There were so many responses available to me.

The light governing north-south traffic was still green. I cut through the crowd and crossed 57th Street, heading toward the fragrant green blur of Central Park. Though I knew, essentially, it wasn’t so, I told myself that Hugh hadn’t seen me and that I’d be doing us both a favor if I got out of his way. I moved with my head down and I moved quickly. I was almost running.

Hugh bolted after me, cutting diagonally across Fifth Avenue and 57th Street, coming at me like an arrow. Ingrid shouted out to him, as she would tell us later: “Hugh! What are you doing?”

And here comes the taxi cab, gunning ahead to make it through the yellow light, because cab drivers are always in an acute hurry. That’s how they make a living.

I glanced back once to see if Hugh was following me. He was, of course, and I tried to make myself stop but I couldn’t. My legs were committed to cowardice. I told myself not to look back again, just to keep going straight and fast. The sidewalk was crowded; it was like a Christmas crowd.

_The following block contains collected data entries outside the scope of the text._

Definition lin (R : pzRingType) (M N : lmodType R) (f : M -> N) : Prop :=
  forall (a : R) (x y : M), f (a *: x + y) = a *: f x + f y.

Definition submod (R : pzRingType) (M : lmodType R) (U : M -> Prop) : Prop :=
  U 0 /\ forall (a : R) (x y : M), U x -> U y -> U (a *: x + y).

Definition fin_gen (R : pzRingType) (M : lmodType R) : Prop :=
  exists s : seq M, forall x : M,
    exists c : seq R, x = \sum_(i < size s) c`_i *: s`_i.

Definition simple_mod (R : pzRingType) (M : lmodType R) : Prop :=
  (exists x : M, x != 0) /\
  forall U : M -> Prop, submod U -> (forall x, U x -> x = 0) \/ (forall x, U x).

Definition injective_mod (R : pzRingType) (E : lmodType R) : Prop :=
  forall (A B : lmodType R) (m : A -> B) (g : A -> E),
    lin m -> injective m -> lin g ->
    exists h : B -> E, lin h /\ forall a, h (m a) = g a.

Definition essential_mono (R : pzRingType) (S E : lmodType R) (f : S -> E) : Prop :=
  [/\ lin f, injective f &
      forall U : E -> Prop, submod U -> (exists u, U u /\ u != 0) ->
        exists s, s != 0 /\ U (f s)].

Definition injective_envelope (R : pzRingType) (S E : lmodType R) (f : S -> E) :=
  essential_mono f /\ injective_mod E.

Definition right_ideal (R : pzRingType) (I : R -> Prop) : Prop :=
  [/\ I 0, forall x y, I x -> I y -> I (x - y) & forall x r, I x -> I (x * r)].

Definition right_artinian (R : pzRingType) : Prop :=
  forall I : nat -> R -> Prop,
    (forall n, right_ideal (I n)) ->
    (forall n x, I n.+1 x -> I n x) ->
    exists N, forall n, (N <= n)%N -> forall x, I n x <-> I N x.

Definition right_Morita (R : pzRingType) : Prop :=
  right_artinian R /\
  forall S : rmodType R, simple_mod S ->
    exists (E : rmodType R) (f : S -> E), injective_envelope f /\ fin_gen E.

(* P^* = option P, with None the added largest element *. *)
Definition leS (d : Order.disp_t) (P : finPOrderType d) (i j : option P) : bool :=
  match j, i with
  | None, _ => true
  | Some _, None => false
  | Some j', Some i' => (i' <= j')%O
  end.

(* Right Lambda P^*-modules, as representations (X_i, X_ij). *)
Record rep (R : pzRingType) (d : Order.disp_t) (P : finPOrderType d) := Rep {
  rep_obj : option P -> rmodType R;
  rep_map : forall i j : option P, leS i j -> rep_obj i -> rep_obj j;
  rep_lin : forall i j (h : leS i j), lin (rep_map h);
  rep_id : forall i (h : leS i i) x, rep_map h x = x;
  rep_comp : forall i j k (hij : leS i j) (hjk : leS j k) (hik : leS i k) x,
      rep_map hjk (rep_map hij x) = rep_map hik x }.
Arguments rep_obj {R d P} r i.
Arguments rep_map {R d P} r {i j} h _.

(* Morphisms of representations = Lambda P^*-module homomorphisms. *)
Record rep_hom (R : pzRingType) (d : Order.disp_t) (P : finPOrderType d)
    (X Y : rep R P) := Hom {
  hom_fun : forall i, rep_obj X i -> rep_obj Y i;
  hom_lin : forall k, lin (@hom_fun k);
  hom_nat : forall i j (h : leS i j) x,
      @hom_fun j (rep_map X h x) = rep_map Y h (@hom_fun i x) }.
Arguments hom_fun {R d P X Y} _ i _.

Definition subspace_rep (R : pzRingType) (d : Order.disp_t) (P : finPOrderType d)
  (X : rep R P) : Prop :=
  forall i j (h : leS i j), injective (rep_map X h).

Definition fg_rep (R : pzRingType) (d : Order.disp_t) (P : finPOrderType d)
  (X : rep R P) : Prop :=
  forall i, fin_gen (rep_obj X i).

From Pilot Require Import Defs.
From HB Require Import structures.
From mathcomp Require Import all_boot all_order all_algebra.
From mathcomp Require Import boolp.
Set Implicit Arguments. Unset Strict Implicit. Unset Printing Implicit Defensive.
Import GRing.Theory.
Local Open Scope ring_scope.

(* An artinian ring makes finitely generated modules artinian, so every
   nonzero submodule of such a module M contains a minimal nonzero, hence
   simple, submodule.  Over a right Morita ring simple modules embed into
   finitely generated injective modules; extending such an embedding from a
   simple submodule of the kernel of a map M -> E to all of M and pairing it
   with that map shrinks the kernel, so by well-foundedness M, and then all the
   X_m at once, embed into one finitely generated injective module E.
   The left approximation replaces each X_i by its image in X_*.  The right
   approximation replaces X_i by the pairs (x, e) in X_i * E^P with
   e_m = iota_m (X_im x) for i <= m; a morphism from a subspace representation
   Z lifts because iota_m o f_m extends along the monomorphism Z_m -> Z_*. *)

Section Submodules.
Variables (K : pzRingType) (M : lmodType K).
Implicit Types (N U : M -> Prop) (x y : M).

Lemma submod0 U : submod U -> U 0.
Proof. by case. Qed.

Lemma submodD U x y : submod U -> U x -> U y -> U (x + y).
Proof. by move=> hU hx hy; have := hU.2 1 x y hx hy; rewrite scale1r. Qed.

Lemma submodZ U a x : submod U -> U x -> U (a *: x).
Proof. by move=> hU hx; have := hU.2 a x 0 hx (submod0 hU); rewrite addr0. Qed.

Lemma submodB U x y : submod U -> U x -> U y -> U (x - y).
Proof. by move=> hU hx hy; rewrite -scaleN1r addrC; apply: hU.2. Qed.

Lemma zero_submod : submod (fun x : M => x = 0).
Proof. by split=> // a x y -> ->; rewrite scaler0 addr0. Qed.

Definition add_line N (a : M) : M -> Prop :=
  fun x => exists r y, N y /\ x = y + r *: a.

Fixpoint span_over N (s : seq M) : M -> Prop :=
  if s is a :: s' then span_over (add_line N a) s' else N.

Lemma add_line_submod N a : submod N -> submod (add_line N a).
Proof.
move=> hN; split; first by exists 0, 0; rewrite scale0r addr0; split; first exact: submod0.
move=> c _ _ [r [u [hu ->]]] [r' [u' [hu' ->]]].
exists (c * r + r'), (c *: u + u'); split; first exact: hN.2.
by rewrite scalerDr scalerDl scalerA addrACA.
Qed.

Lemma add_line_sub N a x : N x -> add_line N a x.
Proof. by move=> hx; exists 0, x; rewrite scale0r addr0. Qed.

Lemma span_over_submod s N : submod N -> submod (span_over N s).
Proof. by elim: s N => [|a s IH] N hN //=; apply/IH/add_line_submod. Qed.

Lemma span_over_sub s N x : N x -> span_over N s x.
Proof. by elim: s N => [|a s IH] N hx //=; apply/IH/add_line_sub. Qed.

Lemma span_over_mem s N a : submod N -> a \in s -> span_over N s a.
Proof.
elim: s N => [|b s IH] N hN //=; rewrite inE => /orP [/eqP -> | ha].
  by apply: span_over_sub; exists 1, 0; rewrite scale1r add0r; split; first exact: submod0.
exact/IH/ha/add_line_submod.
Qed.

Lemma span_over_min s N U : submod U -> (forall x, N x -> U x) ->
  (forall a, a \in s -> U a) -> forall x, span_over N s x -> U x.
Proof.
elim: s N => [|b s IH] N hU hNU hs //=; apply: IH => // [x [r [y [hy ->]]]|a ha].
  by apply: submodD => //; [exact: hNU | apply: submodZ => //; exact/hs/mem_head].
by apply: hs; rewrite inE ha orbT.
Qed.

Lemma span_over_decomp s N x : span_over N s x ->
  exists y (c : seq K), N y /\ x = y + \sum_(i < size s) c`_i *: s`_i.
Proof.
elim: s N x => [|a s IH] N x /=; first by exists x, [::]; rewrite big_ord0 addr0.
move=> /IH [_ [c [[r [y [hy ->]]] ->]]]; exists y, (r :: c); split=> //.
by rewrite big_ord_recl -addrA.
Qed.

Lemma span_over_combination s N y (c : seq K) : submod N -> N y ->
  span_over N s (y + \sum_(i < size s) c`_i *: s`_i).
Proof.
elim: s N y c => [|a s IH] N y c hN hy /=; first by rewrite big_ord0 addr0.
rewrite big_ord_recl addrA.
under eq_bigr => i _ do rewrite -nth_behead.
by apply: IH; [exact: add_line_submod | exists c`_0, y].
Qed.

Lemma fin_genP : fin_gen M <-> exists s, forall x, span_over (fun x => x = 0) s x.
Proof.
split=> -[s hs]; exists s => x.
  have [c ->] := hs x; rewrite -[X in span_over _ _ X]add0r.
  exact: span_over_combination zero_submod _.
by have [y [c [-> ->]]] := span_over_decomp (hs x); exists c; rewrite add0r.
Qed.

End Submodules.

Definition descending (T : Type) (V : nat -> T -> Prop) : Prop :=
  forall n x, V n.+1 x -> V n x.

Definition stationary (T : Type) (V : nat -> T -> Prop) : Prop :=
  exists N, forall n, (N <= n)%N -> forall x, V n x <-> V N x.

Definition left_ideal (K : pzRingType) (I : K -> Prop) : Prop :=
  [/\ I 0, forall x y, I x -> I y -> I (x - y) & forall r x, I x -> I (r * x)].

Definition left_artinian (K : pzRingType) : Prop :=
  forall I : nat -> K -> Prop, (forall n, left_ideal (I n)) -> descending I -> stationary I.

Lemma right_artinian_conv (R : pzRingType) : right_artinian R -> left_artinian R^c.
Proof.
move=> hart I hI; apply: (hart I) => n.
by case: (hI n) => h0 hB hM; split=> // x r; exact: hM.
Qed.

Lemma descending_le (T : Type) (V : nat -> T -> Prop) : descending V ->
  forall m n, (m <= n)%N -> forall x, V n x -> V m x.
Proof.
move=> hV m n /subnKC <-; elim: (n - m)%N => [|k IH] x; first by rewrite addn0.
by rewrite addnS => /hV /IH.
Qed.

Section Artinian.
Variables (K : pzRingType) (M : lmodType K).
Hypothesis hart : left_artinian K.

(* Induction on [s]: the chain [V n] meets the line through the first
   generator [a] in the chain of left ideals [{r | r *: a \in V n}], and its
   sums with that line form a chain of the same kind for the shorter list. *)
Lemma span_over_dcc s N (V : nat -> M -> Prop) : submod N ->
  (forall n, submod (V n)) -> descending V -> (forall n x, N x -> V n x) ->
  (forall n x, V n x -> span_over N s x) -> stationary V.
Proof.
elim: s N V => [|a s IH] N V hN hV hdesc hNV hVs /=.
  by exists 0%N => n _ x; split => /hVs /= h; apply: hNV.
pose I n r := V n (r *: a).
have [k1 hk1] : stationary I.
  apply: hart => [n|n x]; last exact: hdesc.
  split; rewrite /I.
  - by rewrite scale0r; exact: submod0.
  - by move=> x y hx hy; rewrite scalerBl; exact: submodB.
  - by move=> r x hx; rewrite -scalerA; exact: submodZ.
pose U n := add_line (V n) a.
have [k2 hk2] : stationary U.
  apply: (IH (add_line N a)) => [|n|n x|n x|n x]; first exact: add_line_submod.
  - exact: add_line_submod.
  - by move=> [r [y [/hdesc hy ->]]]; exists r, y.
  - by move=> [r [y [hy ->]]]; exists r, y; split=> //; apply: hNV.
  move=> [r [y [hy ->]]].
  apply: (submodD (span_over_submod _ hN) (hVs n y hy)).
  exact: submodZ (span_over_submod _ hN) (span_over_mem hN (mem_head _ _)).
exists (maxn k1 k2) => n hn x; split; first exact: (descending_le hdesc hn).
have hn1 := leq_trans (leq_maxl _ _) hn; have hn2 := leq_trans (leq_maxr _ _) hn.
move=> hx; have : U n x.
  by apply/(hk2 n hn2)/(hk2 (maxn k1 k2) (leq_maxr _ _)); exact: add_line_sub.
move=> [r [y [hy ex]]]; rewrite ex in hx *.
have hy' : V (maxn k1 k2) y by apply: (descending_le hdesc hn).
have hr : I (maxn k1 k2) r.
  by rewrite /I -[r *: a](addrK y) [_ + y]addrC; exact: submodB (hV _) hx hy'.
have : I n r by apply/(hk1 n hn1)/(hk1 (maxn k1 k2) (leq_maxl _ _)).
exact: submodD (hV n) hy.
Qed.

Lemma fin_gen_dcc (V : nat -> M -> Prop) : fin_gen M ->
  (forall n, submod (V n)) -> descending V -> stationary V.
Proof.
move=> /fin_genP [s hs] hV hdesc; apply: (span_over_dcc (zero_submod M)) => //.
by move=> n x ->; exact: submod0.
Qed.

End Artinian.

Section SubmoduleType.
Variables (K : pzRingType) (M : lmodType K) (U : M -> Prop) (hU : submod U).

(* Indexing the carrier by the proof [hU] lets the instances below use it. *)
Definition submod_type of submod U := {x : M | U x}.
Local Notation sT := (submod_type hU).

HB.instance Definition _ := gen_eqMixin sT.
HB.instance Definition _ := gen_choiceMixin sT.

Lemma submod_val_inj (a b : sT) : sval a = sval b -> a = b.
Proof. by case: a b => a ha [b hb] /= e; subst; congr exist; exact: Prop_irrelevance. Qed.

Definition sub_zero : sT := exist _ 0 (submod0 hU).
Definition sub_add (a b : sT) : sT := exist _ _ (submodD hU (svalP a) (svalP b)).
Definition sub_opp (a : sT) : sT := exist _ _ (submodZ (-1) hU (svalP a)).
Definition sub_scale k (a : sT) : sT := exist _ _ (submodZ k hU (svalP a)).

Everything was noisy and dense but the sound of those brakes couldn’t have been more penetrating if I’d heard them in a concert hall. I stopped in my tracks and turned around and saw Hugh just the moment after the taxi struck him.

He was in the air, sailing backwards in a northwesterly direction. It looked like a stunt. The taxi cab was going up an inch, back an inch, starting and stopping and bobbing up and down as if in seizure. No one was saying anything and Hugh was in the air.

Then he was on his back, but still moving, shooting along as if he were on a sled. His arms were spread at his side and his tan jacket was riding up and bunching at the shoulders. He was turning over, in a broken, graceless motion—now, for the first moment, it looked serious and out of control. He turned on his right shoulder but his head didn’t move and his legs were going in two different directions. It looked like he might break into pieces. And now another car was slamming on its brakes and another and another. For the first moments after the cab hit Hugh, his body had been skidding in its own lane, between the east-west traffic on 57th Street, but now that was no longer the case.

It probably didn’t matter. The taxi that hit him was going fast and it hit him direct. Hugh was probably already dead, or on his way toward death. But a green florist’s van hit him a second time. It wasn’t even a hit. The little truck rolled over Hugh and ruined the top part of his lifeless body.

Did the sky turn red? Did the sun even hesitate in its stiff rounds? The world, even along the dense strip of Manhattan, seemed utterly calm. People turned slowly, quietly; faces wore that perplexed, slightly absent expression you see in the lobby after an avant garde play. This is it? You tell me what it means. It was as if we needed a second look to confirm what had happened. And then the image of that man being tossed like a sack of meal by that cab completed its frantic loop through our senses and we did see it again. The long moments of waiting were over, the synaptic reprieve canceled, and now the first screams, the first shouts, the first hands clapped over unwilling eyes—we were suddenly a terror-struck herd staggering toward the street, stepping on each other’s heels, elbowing each other, afraid to look too carefully at any stranger, and each of us hoping that someone would know what to do.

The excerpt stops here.